The line containing "(** Both [sumd]" and every line after it, through the end of the records below: repeat them exactly, nothing more.
[Opening Data for review section]
(* Let $\eta>0$ and $\alpha\in[0,1)$, and run the fixed-share algorithm with parameters $\eta,\alpha$. Then for all $T\ge1$, all loss vectors $\ell_1,\dots,\ell_T\in[0,1]^d$, and all $u_1,\dots,u_T\in\mathbb R_+^d$, \[ \sum_{t=1}^T\|u_t\|_1\hat p_t^\top\ell_t-\sum_{t=1}^Tu_t^\top\ell_t\le\frac{\|u_1\|_1\ln d}{\eta}+\frac\eta8\sum_{t=1}^T\|u_t\|_1+\frac{m(u_1^T)}{\eta}\ln\frac d\alpha+\frac{\sum_{t=2}^T\|u_t\|_1-m(u_1^T)}{\eta}\ln\frac1{1-\alpha}. \]
   Context: Let $d\ge1$ and $\Delta_d=\{q\in[0,1]^d:\sum_{i=1}^d q_i=1\}$. The generalized share algorithm with learning rate $\eta>0$ and mixing functions $\psi_t:[0,1]^{td}\to\Delta_d$ ($t\ge2$) works as follows: $\hat p_1=v_1=(1/d,\dots,1/d)$. At each round $t=1,2,\dots$ it predicts $\hat p_t=(\hat p_{1,t},\dots,\hat p_{d,t})\in\Delta_d$, observes a loss vector $\ell_t=(\ell_{1,t},\dots,\ell_{d,t})\in[0,1]^d$ (arbitrary), and suffers loss $\hat p_t^\top\ell_t$. It then forms the pre-weights $v_{j,t+1}=\hat p_{j,t}e^{-\eta\ell_{j,t}}/\sum_{i=1}^d\hat p_{i,t}e^{-\eta\ell_{i,t}}$ for $j=1,\dots,d$, sets $v_{t+1}=(v_{1,t+1},\dots,v_{d,t+1})$, and defines $\hat p_{t+1}=\psi_{t+1}(V_{t+1})$ where $V_{t+1}=[v_{i,s}]_{1\le i\le d,1\le s\le t+1}$ is the $d\times(t+1)$ matrix of all pre-weights so far. The fixed-share algorithm with parameters $\eta>0$, $\alpha\in[0,1]$ is the generalized share algorithm with the mixing rule $\hat p_{j,t+1}=\alpha/d+(1-\alpha)v_{j,t+1}$ for all $j$ and $t\ge1$. For $x,y\in\mathbb R_+^d$, $D_{\mathrm{TV}}(x,y)=\sum_{i:\,x_i\ge y_i}(x_i-y_i)$, and for $u_1,\dots,u_T\in\mathbb R_+^d$, $m(u_1^T)=\sum_{t=2}^T D_{\mathrm{TV}}(u_t,u_{t-1})$. The convention $\ln(d/0)=+\infty$ applies if $\alpha=0$. *)

From Stdlib Require Import Reals List.
Import ListNotations.
Open Scope R_scope.

(* Vectors in R^d are functions nat -> R, components indexed 0..d-1.
   Sequences indexed by rounds t = 1,2,... are functions nat -> ... *)

Definition sumd (d : nat) (f : nat -> R) : R :=
  fold_right Rplus 0 (map f (seq 0 d)).

Definition sum_range (a b : nat) (f : nat -> R) : R :=
  fold_right Rplus 0 (map f (seq a (S b - a))).

Definition exp_update (d : nat) (eta : R) (p l : nat -> R) : nat -> R :=
  fun j => p j * exp (- eta * l j) / sumd d (fun i => p i * exp (- eta * l i)).

Definition fs_mix (d : nat) (alpha : R) (v : nat -> R) : nat -> R :=
  fun j => alpha / INR d + (1 - alpha) * v j.

(* fixed_share_p d eta alpha ell t = \hat p_t (for t >= 1), where
   ell t j = l_{j,t}.  \hat p_1 = uniform. (t = 0 is unused.) *)
Fixpoint fixed_share_p (d : nat) (eta alpha : R) (ell : nat -> nat -> R)
  (t : nat) : nat -> R :=
  match t with
  | O => fun _ => / INR d
  | S O => fun _ => / INR d
  | S t' => fs_mix d alpha (exp_update d eta (fixed_share_p d eta alpha ell t') (ell t'))
  end.

Definition D_TV (d : nat) (x y : nat -> R) : R :=
  sumd d (fun i => if Rle_dec (y i) (x i) then x i - y i else 0).

Definition shifts (d : nat) (u : nat -> nat -> R) (T : nat) : R :=
  sum_range 2 T (fun t => D_TV d (u t) (u (pred t))).

Definition norm1 (d : nat) (x : nat -> R) : R := sumd d (fun i => Rabs (x i)).

Definition dot (d : nat) (x y : nat -> R) : R := sumd d (fun i => x i * y i).

(** For nonnegative comparators [u_1, ..., u_T] the potential
    [cross_log u q = sum_i u_i ln q_i] drives the argument.  Each round has two
    halves:
    - exponential update ([exp_weights_round]): by Hoeffding's lemma, the
      weighted regret [||u_t||_1 p_t.l_t - u_t.l_t] is at most
      [eta/8 ||u_t||_1] plus the gain in potential from [p_t] to [v_(t+1)],
      divided by [eta];
    - mixing ([share_round]): replacing [(u_t, v_(t+1))] by [(u_(t+1), p_(t+1))]
      loses at most [D_TV(u_(t+1), u_t) ln (d/alpha)] plus the remaining mass of
      [u_(t+1)] times [ln (1/(1-alpha))].
    These telescope ([telescope_bound]); the initial potential against the
    uniform [p_1] is [-||u_1||_1 ln d] and the final one is nonpositive.  The case [alpha = 0] is
    covered by the hypothesis that then no shift occurs, in which case
    comparators are coordinatewise nonincreasing. *)

From Stdlib Require Import Reals Lra Lia List.
From Coquelicot Require Import Coquelicot.
Open Scope R_scope.

(** Both [sumd] (over coordinates) and [sum_range] (over rounds) are instances
    of [lsum] over an explicit list of indices; all summation algebra is done
    once at this level. *)

Definition lsum (l : list nat) (f : nat -> R) : R := fold_right Rplus 0 (map f l).

Lemma sumd_lsum (d : nat) (f : nat -> R) : sumd d f = lsum (seq 0 d) f.
Proof. reflexivity. Qed.

Lemma sum_range_lsum (a b : nat) (f : nat -> R) :
  sum_range a b f = lsum (seq a (S b - a)) f.
Proof. reflexivity. Qed.

Lemma lsum_ext (l : list nat) (f g : nat -> R) :
  (forall x, In x l -> f x = g x) -> lsum l f = lsum l g.
Proof.
  induction l as [|a l IH]; intros H; [reflexivity|].
  unfold lsum in *; simpl.
  rewrite (H a (or_introl eq_refl)), IH by (intros; apply H; right; assumption).
  reflexivity.
Qed.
[Closing Data for review section]
* Answer to this task
(** Both [sumd] (over coordinates) and [sum_range] (over rounds) are instances
    of [lsum] over an explicit list of indices; all summation algebra is done
    once at this level. *)

Definition lsum (l : list nat) (f : nat -> R) : R := fold_right Rplus 0 (map f l).

Lemma sumd_lsum (d : nat) (f : nat -> R) : sumd d f = lsum (seq 0 d) f.
Proof. reflexivity. Qed.

Lemma sum_range_lsum (a b : nat) (f : nat -> R) :
  sum_range a b f = lsum (seq a (S b - a)) f.
Proof. reflexivity. Qed.

Lemma lsum_ext (l : list nat) (f g : nat -> R) :
  (forall x, In x l -> f x = g x) -> lsum l f = lsum l g.
Proof.
  induction l as [|a l IH]; intros H; [reflexivity|].
  unfold lsum in *; simpl.
  rewrite (H a (or_introl eq_refl)), IH by (intros; apply H; right; assumption).
  reflexivity.
Qed.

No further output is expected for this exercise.